O primado da ética e coletivo sobre a ética do individual
A ética socrática impõe respeito, seja pela sua logicidade, seja pelo seu caráter. É certo
que se Sócrates desejasse, poderia ter fugido à aplicação da pena de morte que lhe havia sido
imposta, e os discípulos ao seu lado estavam para auxiliá-lo e acobertá-lo. A ética do respeito
às leis, não permitia que assim agisse. E também, se durante toda sua vida se distinguiu por
seguir os conselhos dos deuses, não seria no momento de sua morte que os desobedeceria.

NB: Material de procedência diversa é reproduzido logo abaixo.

Definition prodset (F : 'I_n -> {set option A}) : {set pw} :=
  [set m : pw | [forall i, m i \in F i]].

Lemma card_prodset F : #|prodset F| = \prod_i #|F i|.
Proof.
have -> : #|prodset F| = #|(family (fun i => mem (F i)) : simpl_pred pw)|.
  by apply: eq_card => m; rewrite inE; apply/forallP/familyP.
by rewrite card_family foldrE big_map /index_enum /= enumT.
Qed.

Lemma prod_in_const (S : {set 'I_n}) (q : nat) (f : 'I_n -> nat) :
  (forall i, f i = if i \in S then q else 1) -> \prod_i f i = q ^ #|S|.
Proof.
move=> Hf; rewrite -prod_nat_const [RHS]big_mkcond /=.
by apply: eq_bigr => i _; rewrite Hf.
Qed.

Lemma card_imset_Some (D : {set A}) : #|Some @: D| = #|D|.
Proof. by apply: card_imset => x y [->]. Qed.

Lemma mem_imset_Some (D : {set A}) (o : option A) :
  (o \in Some @: D) = if o is Some x then x \in D else false.
Proof.
case: o => [x|]; first by rewrite (mem_imset _ _ (@Some_inj _)).
by apply/imsetP => -[].
Qed.

Definition supp_words (S : {set 'I_n}) : {set pw} :=
  prodset (fun i => if i \in S then Some @: [set: A] else [set None]).

Lemma supp_wordsE S : supp_words S = [set m | on_support S m].
Proof.
apply/setP => m; rewrite !inE; apply: eq_forallb => i.
by case: (i \in S) (m i) => [] [a|]; rewrite ?mem_imset_Some ?inE.
Qed.

Lemma card_supp_words S : #|supp_words S| = #|A| ^ #|S|.
Proof.
rewrite card_prodset; apply: prod_in_const => i.
by case: ifP => _; rewrite ?card_imset_Some ?cardsT ?cards1.
Qed.

Lemma on_supportP (S : {set 'I_n}) (m : pw) :
  reflect (forall i, (m i == None) = (i \notin S)) (on_support S m).
Proof.
apply: (iffP forallP) => H i; last by rewrite H negbK.
by have := H i; case: (m i) => [a|] /eqP <-.
Qed.

Lemma restr_on_support (Z : {set 'I_n}) (w : word) : on_support Z (restr Z w).
Proof. by apply/on_supportP => i; rewrite ffunE; case: ifP. Qed.

Lemma restr_eqP (Z : {set 'I_n}) (w w' : word) :
  reflect {in Z, w =1 w'} (restr Z w == restr Z w').
Proof.
apply: (iffP eqP) => [H i iZ | H].
  by move/ffunP: H => /(_ i); rewrite !ffunE iZ => -[].
by apply/ffunP => i; rewrite !ffunE; case: ifP => // /H ->.
Qed.

Lemma restrp_restr (I J : {set 'I_n}) (w : word) :
  I \subset J -> restrp I (restr J w) = restr I w.
Proof.
move=> sIJ; apply/ffunP => i; rewrite !ffunE.
by case: ifP => // iI; rewrite (subsetP sIJ _ iI).
Qed.

End PartialWords.

Section Projections.
Variables (A : finType) (n : nat) (C : {set {ffun 'I_n -> A}}).

Lemma proj_sub_supp_words (I : {set 'I_n}) : proj C I \subset supp_words A I.
Proof.
by apply/subsetP => _ /imsetP [w _ ->]; rewrite supp_wordsE inE restr_on_support.
Qed.

Lemma proj_restrp (I J : {set 'I_n}) : I \subset J -> proj C I = restrp I @: proj C J.
Proof.
move=> sIJ; rewrite /proj -imset_comp; apply: eq_imset => w /=.
by rewrite restrp_restr.
Qed.

Lemma leq_card_proj (I J : {set 'I_n}) : I \subset J -> #|proj C I| <= #|proj C J|.
Proof. by move=> sIJ; rewrite (proj_restrp sIJ) leq_imset_card. Qed.

Lemma card_proj_setU1 (I : {set 'I_n}) (j : 'I_n) :
  #|proj C (j |: I)| <= #|proj C I| * #|A|.
Proof.
pose f (v : pword A n) := (restrp I v, v j).
have f_inj : {in proj C (j |: I) &, injective f}.
  move=> _ _ /imsetP [w wC ->] /imsetP [w' w'C ->] [eI ej].
  rewrite !restrp_restr ?subsetUr // in eI.
  apply/eqP/restr_eqP => i; rewrite !inE => /orP [/eqP -> | iI].
    by move: ej; rewrite !ffunE !inE eqxx => -[].
  by move/eqP/restr_eqP: eI; apply.
rewrite -(card_in_imset f_inj) -cardsT -(card_imset_Some [set: A]) -cardsX.
apply: subset_leq_card; apply/subsetP => _ /imsetP [_ /imsetP [w wC ->] ->].
rewrite inE /= (proj_restrp (subsetUr [set j] I)) !ffunE !inE eqxx.
by rewrite !imset_f ?inE.
Qed.

Lemma restr_det_of_card_proj_eq (I J : {set 'I_n}) :
  I \subset J -> #|proj C I| = #|proj C J| ->
  {in C &, forall w w', restr I w = restr I w' -> restr J w = restr J w'}.
Proof.
move=> sIJ eIJ w w' wC w'C eI.
have : {in proj C J &, injective (restrp I)}.
  by apply/imset_injP; rewrite -proj_restrp // eIJ.
by apply; rewrite ?imset_f // !restrp_restr.
Qed.

End Projections.

Section AlmostAffineFibers.
Variables (A : finType) (n k : nat) (C : {set {ffun 'I_n -> A}}).
Hypotheses (A_gt1 : 1 < #|A|) (C_aa : almost_affine k C).
Notation word := {ffun 'I_n -> A}.

Definition indep (J : {set 'I_n}) : bool := #|proj C J| == #|A| ^ #|J|.

Definition max_indep (Y I : {set 'I_n}) : Prop :=
  maxset [pred J : {set 'I_n} | indep J && (J \subset Y)] I.

Lemma card_code : #|C| = #|A| ^ k.
Proof. by case: C_aa. Qed.

Lemma code_gt0 : 0 < #|C|.
Proof. by rewrite card_code expn_gt0 ltnW. Qed.

Lemma exists_max_indep (Y J : {set 'I_n}) :
  indep J -> J \subset Y -> exists2 I, max_indep Y I & J \subset I.
Proof.
move=> iJ sJY.
have [|I] := @maxset_exists _ [pred J | indep J && (J \subset Y)] J; last by exists I.
by rewrite /= iJ sJY.
Qed.

Lemma indep0 : indep set0.
Proof.
have /card_gt0P [w0 w0C] := code_gt0.
rewrite /indep cards0 expn0; apply/cards1P; exists (restr set0 w0).
apply/esym/eqP; rewrite eqEcard cards1 sub1set imset_f //=.
rewrite (leq_trans (subset_leq_card (proj_sub_supp_words C set0))) //.
by rewrite card_supp_words cards0.
Qed.

(* Adding a coordinate multiplies |C_J| by 1 or |A| (almost affinity), and
   maximality of I excludes the factor |A|: so C_I determines C_(j |: I). *)
Lemma max_indep_restr_det (Y I : {set 'I_n}) : max_indep Y I ->
  {in C &, forall w w', restr I w = restr I w' -> restr Y w = restr Y w'}.
Proof.
move=> mI w w' wC w'C eI; have /andP [/eqP pI sIY] := maxsetp mI.
apply/eqP/restr_eqP => j jY; case: (boolP (j \in I)) => jI.
  by move/eqP/restr_eqP: eI; apply.
have sIJ : I \subset j |: I by apply: subsetUr.
have [r pJ] := C_aa.2 (j |: I).
have := leq_card_proj C sIJ; have := card_proj_setU1 C I j.
rewrite pJ pI -expnSr !leq_exp2l // => r_le r_ge.
have [r_eq | r_eq] : r = #|I| \/ r = #|I|.+1 by lia.
  have /(restr_det_of_card_proj_eq sIJ) det : #|proj C I| = #|proj C (j |: I)|.
    by rewrite pJ pI r_eq.
  by move/eqP/restr_eqP: (det w w' wC w'C eI); apply; rewrite !inE eqxx.
have indepJ : indep (j |: I) by rewrite /indep pJ cardsU1 jI r_eq.
have PJ : [pred J | indep J && (J \subset Y)] (j |: I).
  by rewrite /= indepJ subUset sub1set jY sIY.
by move: jI; rewrite -(maxsetsup mI PJ sIJ) setU11.
Qed.

Lemma rk_max_indep (Y I : {set 'I_n}) : max_indep Y I -> rk C Y = #|I|.
Proof.
move=> mI; have /andP [/eqP pI sIY] := maxsetp mI.
rewrite /rk -(trunc_expnK #|I| A_gt1) -pI; congr trunc_log.
rewrite (proj_restrp C sIY); apply/esym/eqP/imset_injP.
move=> _ _ /imsetP [w wC ->] /imsetP [w' w'C ->].
by rewrite !restrp_restr //; apply: max_indep_restr_det.
Qed.

Lemma proj_indep (J : {set 'I_n}) : indep J -> proj C J = supp_words A J.
Proof.
move=> /eqP pJ; apply/eqP.
by rewrite eqEcard proj_sub_supp_words card_supp_words pJ leqnn.
Qed.

Lemma max_indep_restr_inj (J : {set 'I_n}) :
  max_indep setT J -> {in C &, injective (restr J)}.
Proof.
move=> mJ w w' wC w'C /(max_indep_restr_det mJ wC w'C) /eqP /restr_eqP eT.
by apply/ffunP => i; apply: eT; rewrite inE.
Qed.

Lemma card_max_indep (J : {set 'I_n}) : max_indep setT J -> #|J| = k.
Proof.
move=> mJ; have /andP [/eqP pJ _] := maxsetp mJ.
apply/eqP; rewrite -(eqn_exp2l _ _ A_gt1) -pJ -card_code.
by rewrite (card_in_imset (max_indep_restr_inj mJ)).
Qed.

Sócrates, de fato, dedicou-se a um valor absoluto, e por ele lutou até o ponto de
recusar a própria vida. E por isso porque a ética socrática não se prende a lei e ao respeito dos
deveres humanos em si por si. Transcende a isso tudo. A filosofia socrática prepara para o
bem viver após a morte. Isso significa dizer que nem toda virtude proclamada como tal
perante os homens há de ser considerada virtude perante os deuses, e que a verdade, a virtude
e a justiça devem ser buscadas com vistas a um fim maior, o bem viver post mortem.

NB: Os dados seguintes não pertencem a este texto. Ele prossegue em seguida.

Lemma lew_total x y : lew x y \/ lew y x.
Proof. destruct x, y; simpl; auto; lia. Qed.

Lemma lew_antisym x y : lew x y -> lew y x -> x = y.
Proof. destruct x, y; simpl; intros; try tauto; f_equal; lia. Qed.

Lemma lew_Om x : lew x Om.
Proof. destruct x; simpl; auto. Qed.

Lemma Fin0_lew x : lew (Fin 0) x.
Proof. destruct x; simpl; auto; lia. Qed.

Lemma Om_lew x : lew Om x -> x = Om.
Proof. destruct x; simpl; tauto. Qed.

Lemma lew_Fin_or_FinS x k : lew x (Fin k) \/ lew (Fin (S k)) x.
Proof. destruct x; simpl; auto; lia. Qed.

Lemma Fin_lew_all x : (forall k, lew (Fin k) x) -> x = Om.
Proof. intros H. destruct x as [m|]; auto. specialize (H (S m)). simpl in H; lia. Qed.

Lemma lew_minw x y z : lew z (minw x y) <-> lew z x /\ lew z y.
Proof. destruct x, y, z; simpl; intuition lia. Qed.

Lemma lew_maxw x y z : lew z (maxw x y) <-> lew z x \/ lew z y.
Proof. destruct x, y, z; simpl; intuition lia. Qed.

Lemma minw_lew_r x y : lew (minw x y) y.
Proof. destruct x, y; simpl; auto; lia. Qed.

Lemma minw_mono x x' y y' : lew x x' -> lew y y' -> lew (minw x y) (minw x' y').
Proof. destruct x, x', y, y'; simpl; intros; try tauto; lia. Qed.

Lemma maxw_mono x x' y y' : lew x x' -> lew y y' -> lew (maxw x y) (maxw x' y').
Proof. destruct x, x', y, y'; simpl; intros; try tauto; lia. Qed.

(** * Suprema in omega^+ *)

Lemma lub_exists (P : wp -> Prop) : exists y, is_lub P y.
Proof.
  destruct (classic (exists n, forall x, P x -> lew x (Fin n))) as [Hb|Hunb].
  - destruct (dec_inh_nat_subset_has_unique_least_element
                (fun n => forall x, P x -> lew x (Fin n)) (fun n => classic _) Hb)
      as [n [[Hn Hmin] _]].
    exists (Fin n). split; [exact Hn|].
    intros [m|] Hm; simpl; [exact (Hmin m Hm)|exact I].
  - exists Om. split; [intros; apply lew_Om|].
    intros [m|] Hm; simpl; [apply Hunb; eauto|exact I].
Qed.

Lemma supw_spec P : is_lub P (supw P).
Proof. unfold supw. apply epsilon_spec, lub_exists. Qed.

Lemma supw_ub (P : wp -> Prop) x : P x -> lew x (supw P).
Proof. apply (proj1 (supw_spec P)). Qed.

Lemma supw_least (P : wp -> Prop) z : (forall x, P x -> lew x z) -> lew (supw P) z.
Proof. apply (proj2 (supw_spec P)). Qed.

Lemma supw_eq P y : is_lub P y -> supw P = y.
Proof.
  intros [Hub Hleast]. apply lew_antisym.
  - apply supw_least, Hub.
  - apply Hleast, supw_spec.
Qed.

Lemma supw_witness (P : wp -> Prop) k :
  lew (Fin (S k)) (supw P) -> exists x, P x /\ lew (Fin (S k)) x.
Proof.
  intros Hk. apply NNPP. intros Hno.
  assert (Hle : lew (supw P) (Fin k)).
  { apply supw_least. intros x Hx.
    destruct (lew_Fin_or_FinS x k) as [H|H]; [exact H|exfalso; eauto]. }
  pose proof (lew_trans _ _ _ Hk Hle). simpl in *; lia.
Qed.

Definition eventually (P : nat -> Prop) : Prop := exists M0, forall M, M0 <= M -> P M.

Lemma eventually_always (P : nat -> Prop) : (forall M, P M) -> eventually P.
Proof. intros H. exists 0. auto. Qed.

Lemma eventually_ge k : eventually (fun M => k <= M).
Proof. exists k. auto. Qed.

Lemma eventually_and (P Q : nat -> Prop) :
  eventually P -> eventually Q -> eventually (fun M => P M /\ Q M).
Proof.
  intros [a Ha] [b Hb]. exists (Nat.max a b). intros M HM. split; [apply Ha|apply Hb]; lia.
Qed.

Lemma eventually_mono (P Q : nat -> Prop) :
  (forall M, P M -> Q M) -> eventually P -> eventually Q.
Proof. intros H [a Ha]. exists a. auto. Qed.

Lemma eventually_witness (P : nat -> Prop) : eventually P -> exists M, P M.
Proof. intros [a Ha]. exists a. auto. Qed.
(** * Time warps *)

Definition monotone (f : wp -> wp) : Prop := forall x y, lew x y -> lew (f x) (f y).

Definition liminf_ge (a : nat -> wp) (b : wp) : Prop :=
  forall k, lew (Fin k) b -> eventually (fun n => lew (Fin k) (a n)).

Definition finite_valued (f : wp -> wp) : Prop := forall n, f (Fin n) <> Om.

Section Warp.
Variable f : wp -> wp.
Hypothesis Hf : is_warp f.

Lemma warp_mono x y : lew x y -> lew (f x) (f y).
Proof. apply Hf. Qed.

Lemma warp_Fin0 : f (Fin 0) = Fin 0.
Proof. apply Hf. Qed.

Lemma warp_le_Om x : lew (f x) (f Om).
Proof. apply warp_mono, lew_Om. Qed.

Lemma warp_Om_up x y : f x = Om -> lew x y -> f y = Om.
Proof. intros Hx Hxy. apply Om_lew. rewrite <- Hx. apply warp_mono, Hxy. Qed.

Lemma warp_liminf : liminf_ge (fun n => f (Fin n)) (f Om).
Proof.
  intros [|k] Hk.
  - apply eventually_always. intros; apply Fin0_lew.
  - rewrite (proj2 (proj2 Hf)) in Hk.
    destruct (supw_witness _ _ Hk) as [x [[n0 ->] Hn0]].
    exists n0. intros n Hn. eapply lew_trans; [exact Hn0|apply warp_mono; simpl; lia].
Qed.

(* A time warp preserves all joins, not only the join of [Fin n]. *)
Lemma warp_supw_least (P : wp -> Prop) y :
  (forall z, P z -> lew (f z) y) -> lew (f (supw P)) y.
Proof.
  intros HP. destruct (supw P) as [[|k]|] eqn:Hs.
  - rewrite warp_Fin0. apply Fin0_lew.
  - destruct (supw_witness P k) as [z [Hz Hkz]]; [rewrite Hs; apply lew_refl|].
    eapply lew_trans; [apply warp_mono, Hkz|apply HP, Hz].
  - rewrite (proj2 (proj2 Hf)). apply supw_least. intros x [m ->].
    destruct (supw_witness P m) as [z [Hz Hmz]]; [rewrite Hs; exact I|].
    eapply lew_trans; [apply warp_mono|apply HP, Hz].
    eapply lew_trans; [|exact Hmz]. simpl; lia.
Qed.

Lemma warp_finite_valued : f Om <> Om -> finite_valued f.
Proof.
  intros HOm n Hn. apply HOm, Om_lew. rewrite <- Hn at 1. apply warp_le_Om.
Qed.

End Warp.

Lemma warp_intro f :
  monotone f -> f (Fin 0) = Fin 0 -> liminf_ge (fun n => f (Fin n)) (f Om) -> is_warp f.
Proof.
  intros Hm H0 Hlim. split; [exact Hm|split; [exact H0|]].
  symmetry. apply supw_eq. split.
  - intros x [n ->]. apply Hm, lew_Om.
  - intros [m|] Hub; [|apply lew_Om].
    destruct (lew_Fin_or_FinS (f Om) m) as [H|H]; [exact H|exfalso].
    destruct (eventually_witness _ (Hlim _ H)) as [n Hn].
    pose proof (lew_trans _ _ _ Hn (Hub _ (ex_intro _ n eq_refl))). simpl in *; lia.
Qed.

Lemma id_warp : is_warp (fun x => x).
Proof.
  apply warp_intro; [intros x y H; exact H|reflexivity|].
  intros k _. exists k. intros n Hn. simpl; lia.
Qed.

Isso porque, para Sócrates, a morte representa apenas uma passagem, uma imigração,
e a continuidade há de ensinar quais valores são acertados, quais são errôneos.
A certeza socrática quanto ao porvir é a mesma que o movimentava para agir de
acordo com a lei (nómos). Sócrates está plenamente convicto de que a nómos (norma) é fruto
do artifício do humano, e não da natureza.

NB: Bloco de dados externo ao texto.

(* Let $K$ be a field. For every positive integer $N$ there exist an integer $d\ge 2$ and integers $t_1<t_2<\cdots<t_{2d+1}$ such that the toric ideal $I_A\subset K[x_1,\ldots,x_{2d+1}]$ of the cyclic configuration $A=\{{\bf a}_{t_1},\ldots,{\bf a}_{t_{2d+1}}\}$ (which has height $2$) satisfies $\mathrm{Split}(I_A)\ge N$ and $\mathrm{Split}_{\mathrm{rad}}(I_A)\ge N$.
   Context: For an integer $t$ and an integer $d\ge 2$, ${\bf a}_t=(1,t,t^2,\ldots,t^{2d-2})^T\in\mathbb{Z}^{2d-1}$. The cyclic configuration $A$ is the set of columns of the $(2d-1)\times(2d+1)$ Vandermonde matrix $({\bf a}_{t_1}\ {\bf a}_{t_2}\ \cdots\ {\bf a}_{t_{2d+1}})$ with $t_1<\cdots<t_{2d+1}$ integers. The toric ideal $I_A$ is the kernel of $K[x_1,\ldots,x_{2d+1}]\to K[s_1^{\pm1},\ldots,s_{2d-1}^{\pm1}]$, $x_i\mapsto{\bf s}^{{\bf a}_{t_i}}$. $\mathrm{Split}(I_A)$ is the smallest integer $s$ such that there exist toric ideals $I_{A_1},\ldots,I_{A_s}\subset K[x_1,\ldots,x_{2d+1}]$ with $I_A=I_{A_1}+\cdots+I_{A_s}$ and $I_{A_i}\ne I_A$ for all $i$; $\mathrm{Split}_{\mathrm{rad}}(I_A)$ is the smallest integer $r$ such that there exist toric ideals $I_{A_1},\ldots,I_{A_r}$ with $I_A=\mathrm{rad}(I_{A_1}+\cdots+I_{A_r})$ and $I_{A_i}\ne I_A$ for all $i$. *)

From HB Require Import structures.
From mathcomp Require Import all_boot all_order all_algebra.
From mathcomp Require Import mpoly.
Set Implicit Arguments. Unset Strict Implicit. Unset Printing Implicit Defensive.
Import Order.TTheory GRing.Theory Num.Theory.
Local Open Scope ring_scope.

Definition mexp_col (n : nat) (u : 'X_{1..n}) : 'cV[int]_n :=
  \col_(i < n) ((u i)%:Z).

(* Toric ideal I_A in K[x_1,...,x_n] of a configuration A (columns a_1..a_n
   in Z^m): the kernel of x_i |-> s^{a_i}.  The image of f = sum_u c_u x^u is
   sum_u c_u s^{A u}, which is zero iff for every b in Z^m the coefficients
   c_u with A u = b sum to zero. *)
Definition toric_ideal (K : fieldType) (m n : nat) (A : 'M[int]_(m, n))
  (f : {mpoly K[n]}) : Prop :=
  forall b : 'cV[int]_m,
    \sum_(u <- msupp f | A *m mexp_col u == b) f@_u = 0.

Definition ideal_sum (K : fieldType) (n s : nat)
  (I : 'I_s -> {mpoly K[n]} -> Prop) (f : {mpoly K[n]}) : Prop :=
  exists g : 'I_s -> {mpoly K[n]}, (forall i, I i (g i)) /\ f = \sum_(i < s) g i.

Isso porque Sócrates vislumbra nas leis um conjunto de preceitos de obediência
incontornável, não obstante possam estas sererem justas ou injustas. O direito, pois, aparece
como um instrumento humano de coesão social, que visa à realização do Bem Comum,
consistente no desenvolvimento integral de todas as potencialidades humanas, alcançável por
meio do cultivo das virtudes.
Enquanto os primeiros relevaram a efemeridade e a contingência das leis variáveis no
tempo e no espaço, Sócrates empenhou-se em restabelecer para a cidade o império do ideal
cívico, liame indissociável entre indivíduo e sociedade, sendo justamente, durante o governo
de restauração democrática que Sócrates foi condenado à morte e já também ele já sabia que,
durante seus anos de lição, havia despertado o rancor em muitos daqueles que interrogavam
por meio da arte de racionar e pelo processo pedagógico socrático que consiste em multiplicar
as perguntas, a fim de obter, por indução dos casos particulares e concretos, um conceito geral
do objeto, de modo que estava plenamente consciente desse fato quando de sua defesa perante
o tribunal. Elaborou sua defesa, em que contraditou os argumentos de seus adversários, mas
ainda assim foi condenado a beber cicuta por negar as divindades da cidade, criando outras,
além de corromper a juventude com seus ensinamentos.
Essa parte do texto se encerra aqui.